Regulation of age-dependent expression patterns of five transcription factors in Larix kaempferi

Forestry Research  3 Article number: 18  (2023)  |  Cite this article

Abstract: To reveal the regulatory mechanisms underlying age-dependent expression patterns, we characterized seven age-related genes, LaDAL1, LaAGL2-2, LaAGL2-3, LaAGL11, LaSOC1-1, LaAP2-1, and LaAP2-2 in terms of transcription and intron splicing in Larix kaempferi. Based on the exon–intron structures, we quantified the pre-mRNA levels and mature mRNA levels of these seven genes using quantitative reverse transcription polymerase chain reaction experiments. We found that the pre-mRNA levels manifested age-related patterns, indicating that their transcription was primarily regulated by age. By comparing the increasing or decreasing rates of the pre-mRNA and spliced mRNA levels, we found that their splicing efficiencies also changed with age. These results clearly show that both pre-mRNA transcription and splicing of five age-related genes are regulated by age, indicating that age-dependent expression patterns are controlled at both transcriptional and post-transcriptional levels, and unveiling the underlying regulatory molecular mechanisms should focus on the transcription factors, epigenetic regulation, and RNA splicing. These data provide new insights into the age-mediated regulation of gene expression in woody perennials in terms of longevity.

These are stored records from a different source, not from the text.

(* stationary (S, A, U), read off at time 0 *)
Definition S0 (w : Omega) : S := (Zv 0 w).1.1.
Definition A0 (w : Omega) : 'I_m := (Zv 0 w).1.2.
Definition U0 (w : Omega) : U := Uv 0 w.

Definition is_norm (nrm : gfun -> R) : Prop :=
  [/\ forall g, 0 <= nrm g,
      forall g, nrm g = 0 -> g = (fun _ _ _ => 0),
      forall (c : R) g, nrm (fun a s u => c * g a s u) = `|c| * nrm g &
      forall g1 g2, nrm (fun a s u => g1 a s u + g2 a s u) <= nrm g1 + nrm g2].

Definition Gstar (nrm : gfun -> R) (G : set gfun) : set gfun :=
  [set f | exists g, [/\ G g, 0 < nrm g & f = (fun a s u => g a s u / nrm g)]].

Definition Gstar_a (nrm : gfun -> R) (G : set gfun) (a : 'I_m) : set (S -> U -> R) :=
  [set (g a) | g in Gstar nrm G].

Definition UniformlyBounded (nrm : gfun -> R) (G : set gfun) : Prop :=
  exists Gb : R, 0 < Gb /\
    forall g, Gstar nrm G g -> forall a s u, `|g a s u| <= Gb.

(* L_p(P_{(S,U)}) norm of f : S x U -> R under the stationary law *)
Definition LpSU (p : \bar R) (f : S -> U -> R) : \bar R :=
  Lnorm P p (fun w => (f (S0 w) (U0 w))%:E).

Definition bracket_cover (p : \bar R) (eps : R) (F : set (S -> U -> R)) (k : nat) : Prop :=
  exists (l u : 'I_k -> S -> U -> R),
    [/\ forall i s, measurable_fun setT (l i s) /\ measurable_fun setT (u i s),
        forall i, (LpSU p (fun s x => (u i s x - l i s x)%R) <= eps%:E)%E &
        forall f, F f -> exists i, forall s x, l i s x <= f s x <= u i s x].

(* bracketing number N_[](eps, F, L_p)  (+oo if no finite cover) *)
Definition bracketing_number (p : \bar R) (eps : R) (F : set (S -> U -> R)) : \bar R :=
  ereal_inf [set (k%:R)%:E | k in bracket_cover p eps F].

Definition sqrt_log_ext (N : \bar R) : \bar R :=
  match N with r%:E => (Num.sqrt (ln r))%:E | _ => +oo%E end.

Definition UniformBracketingEntropy (p : \bar R) (nrm : gfun -> R) (G : set gfun) : Prop :=
  forall a : 'I_m,
    (\int[@lebesgue_measure R]_(e in [set e : R | (0 < e)%R])
        sqrt_log_ext (bracketing_number p e (Gstar_a nrm G a)) < +oo)%E.

(* h_g(z) = E[g_A(S,U) | Z = z]  (Z takes finitely many values) *)
Definition hcond (g : gfun) (z : Zobs) : R :=
  fine (\int[P]_(w in Zv 0 @^-1` [set z]) (g (A0 w) (S0 w) (U0 w))%:E)
  / fine (P (Zv 0 @^-1` [set z])).

Definition sup_dev (nrm : gfun -> R) (G : set gfun) (n : nat) (w : Omega) : \bar R :=
  ereal_sup [set `| ((n%:R)^-1 * \sum_(i < n) (hcond g (Zv i w)) ^+ 2)%:E
                   - \int[P]_v ((hcond g (Zv 0 v)) ^+ 2)%:E |%E
            | g in Gstar nrm G].

End MDPUC.

From HB Require Import structures.
From mathcomp Require Import all_boot all_order all_algebra.
From mathcomp Require Import all_classical all_reals all_analysis.
From mathcomp Require Import ring lra zify measurable_realfun.
Import Order.TTheory GRing.Theory Num.Theory.
Import numFieldNormedType.Exports.
Local Open Scope classical_set_scope.
Local Open Scope ring_scope.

    • Age-related gene expression is essential for the growth and development of woody perennials, including the control of the growth rate[1], rooting ability[2], body architecture formation[3], wood formation[411], the juvenile period[12,13], and reproductive phase changes[12,13]. As trees age, many genes change their expression[1419], indicating their functions and roles vary with development. Conifers are long-lived woody perennials that require a long time to bloom[20,21]. The conifer Larix kaempferi is characterized by rapid growth and is appreciated for its economic value. The juvenile period of L. kaempferi is about 10 years, which limits genetic improvement by sexual hybridization and production of improved varieties. In addition, to maintain the excellent traits of L. kaempferi mother trees, vegetative reproduction is commonly used. However, it often takes a long time to identify the excellent traits, and when these traits are identified, the rooting ability of cuttings decreases greatly. Thus, investigating the mechanisms underlying the effects of aging on L. kaempferi development is of theoretical and practical importance.

      In our previous study, a comparative transcriptomic analysis of the uppermost main stems of 1-, 2-, 5-, 10-, 25-, and 50-year-old active L. kaempferi trees was performed to reveal the molecular aspects of aging on wood formation[5] and phase change[16], and it was found that many genes alter their expression with age[16]. Furthermore, seven transcription factors have age-related expression patterns[15]. L. kaempferi DEFICIENS-AGAMOUS-LIKE 1 (LaDAL1/LaAGL2-1), L. kaempferi AGAMOUS-Like 2-2 (LaAGL2-2), LaAGL2-3, and L. kaempferi SUPPRESSOR OF OVEREXPRESSION OF CONSTANS 1-1 (LaSOC1-1) show increased transcription at 5 years, LaAGL11 shows increased transcription at 3 years, and L. kaempferi APETALA 2-2 (LaAP2-2) shows decreased transcription at 1 year[15]. Further analysis reveals that both LaDAL1 and LaAP2-1 have age-dependent expression patterns in both active and dormant stages[14]. Similarly, age-dependent patterns have also been revealed for homologs of LaDAL1 in Picea abies[22], Pinus koraiensis[18], and Pinus tabuliformis[17], indicating that these DAL1 homologs have conservative roles and can be used to explore the age-mediated control of tree growth and development by studying their regulatory mechanisms. However, these studies have only detected the age-dependent expression patterns, and further studies are needed to understand how age regulates their expression via the underlying mechanisms.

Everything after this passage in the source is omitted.